USDA Names Minority Farmers Advisory Committee
November 12, 2015 | USDA
WASHINGTON- Agriculture Secretary Tom Vilsack has appointed members of the USDA Minority Farmers Advisory Committee (MFAC). The committee provides farmer, rancher, industry and public perspectives on USDA strategies, policies and programs that impact minority farmers and ranchers.
The Committee held its first public meeting September 22-24, 2015, in Savannah, Ga., to consider a number of related issues including the Department’s outreach and assistance for Socially Disadvantaged and Veteran Farmers and Ranchers Grant Program (also known as the 2501 Program). Committee members serve two-year appointments expiring in June 2017.
Committee members include:
- Alfonzo Abeyta of A Quarter Circle Lazy 5 Ranch, Antonito, CO
- Terry A. Cannon of The Piney Woods School, Braxton, MS
- Jennie Crittendon of FSA County Office Committee, Jackson, MI
- Claud D. Evans of Okfuskee County Veterinary Clinic, Okemah, OK
- Paula Garcia (Chair) of New Mexico Acequia Association, Mora, NM
- Dewayne L. Goldmon of Monsanto/National Black Growers Council, Pine Bluff, AR
- Edward C. DeLeon Guerrero of Saipan Farm and Garden, Saipan, M.P.

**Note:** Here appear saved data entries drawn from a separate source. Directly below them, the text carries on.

Theorem mainTheorem7
  (n : nat) (a L c M B : R) (P0 P1 : Mat) (e : Vec)
  (Hn : (1 <= n)%nat)
  (Ha : 1 < Rabs a)
  (Habar0 : 0 < (a + L) ^ 2) (Habar1 : (a + L) ^ 2 < 1)
  (Hc0 : (a + L) ^ 2 < c ^ 2) (Hc1 : c ^ 2 < 1)
  (HM : 0 < M) (HB : 0 < B)
  (HP0 : col_stochastic n P0) (HP1 : col_stochastic n P1)
  (He : forall i, (i < n)%nat -> 0 <= e i <= 1)
  (Hrho : a ^ 2 * spec_radius n (mmul n P1 (diagm e)) < 1)
  (theta : nat) (Htheta : (1 <= theta)%nat)
  (X : R) (HX : 0 <= X) :
  let abar := a + L in
  let Mbar := M / (a ^ 2 - 1) in
  let d : Vec := fun i => 1 - e i in
  let P1E := mmul n P1 (diagm e) in
  let Z := Zvec n d P1E theta in
  let Q : Vec := fun j =>
    (Z (abar ^ 2) j - Z (c ^ 2) j) * Rmax X (B / c ^ (2 * theta))
    + Mbar * (Z (a ^ 2) j - Z 1 j) in
  let P01 := mmul n (mpow n P0 (theta - 1)) P1 in
  forall (gamma : nat) (y : R), (gamma < n)%nat -> X <= y ->
    exists J : R,
      infinite_sum
        (fun k => Hfun abar c Mbar B a (theta + k) y *
           rsum n (fun i => d i * mmul n (mpow n P1E k) P01 i gamma))
        J
      /\ J <= rsum n (fun j => Q j * P01 j gamma).
Proof.
intros abar Mbar d P1E Z Q P01 gamma y Hgamma Hy.
change ((a + L) ^ 2) with (abar ^ 2) in *.
destruct n as [|n']; [lia|].
assert (Ha2 : 1 < a ^ 2) by (rewrite <- pow2_abs; nra).
assert (HP1E : forall i j, (i < S n')%nat -> (j < S n')%nat -> 0 <= P1E i j).
{ apply mmul_nonneg; [apply HP1|]. intros i j Hi Hj. unfold diagm.
  destruct (Nat.eq_dec i j); [apply He | lra]; assumption. }
assert (HP01 : forall i j, (i < S n')%nat -> (j < S n')%nat -> 0 <= P01 i j)
  by (apply mmul_nonneg; [apply mpow_nonneg, HP0 | apply HP1]).
destruct (mpow_geometric_bound_of_spec_radius n' P1E (a ^ 2) ltac:(lra) Hrho)
  as [R0 [HR0 [HaR0 Hdecay]]].
set (w := fun k => rsum (S n') (fun i => d i * mmul (S n') (mpow (S n') P1E k) P01 i gamma)).
assert (Hw : forall k, 0 <= w k).
{ intros k. apply rsum_nonneg. intros i Hi. apply Rmult_le_pos.
  - unfold d. specialize (He i Hi). lra.
  - apply mmul_nonneg; [apply mpow_nonneg | ..]; assumption. }
assert (HZ : forall b, 0 <= b <= a ^ 2 ->
  is_series (fun k => b ^ (theta + k) * w k) (rsum (S n') (fun j => Z b j * P01 j gamma))).
{ intros b Hb. apply is_series_Zvec, is_series_neumann.
  apply (ex_series_neumann _ _ _ R0); [assumption | rewrite Rabs_pos_eq; nra | exact Hdecay]. }
destruct (is_series_Hfun_le abar c Mbar B a y X theta w _ _ _ _ Habar0 Hc0 Hc1 HB HX Hy Hw
            (HZ (abar ^ 2) ltac:(lra)) (HZ (c ^ 2) ltac:(lra))
            (HZ (a ^ 2) ltac:(lra)) (HZ 1 ltac:(lra))) as [J [HJ HJle]].
exists J. split; [apply is_series_Reals; exact HJ|].
unfold Q. rewrite rsum_mul_combination. exact HJle.
Qed.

- William R. Miller, Jr. of Ohio Farmers Union, Oxford, OH
- Igalious “Ike” Mills of Texas Small Farmers and Ranchers, Port Arthur, TX
- Frederick Newhouse of Newhouse Land and Cattle, Houston, TX
- Harvey Reed of Louisiana Association of Cooperatives, Gretna, LA
- Renard F. Turner of Virginia State University, Gordonsville, VA
- Randall S. Ware (Vice Chair) Indian Country Agriculture and Resource Development Corp., Fort Cobb, OK
- Charles Linwood Whitaker of Whitaker Small Farm Group, Raleigh, NC
- John Zippert of Federation of Southern Cooperatives, Eutaw, AL
MFAC is the public advisory arm of the 2501 Program administered by USDA’s Office of Advocacy and Outreach (OAO). Established by the 2008 Farm Bill, OAO works across all USDA agencies to improve the viability and profitability of small and beginning farmers and ranchers; increase access to USDA programs for historically underserved communities; grow agricultural opportunities for farm workers; and close the professional achievement gap by expanding opportunities for diverse, talented young people working in the American agricultural sector.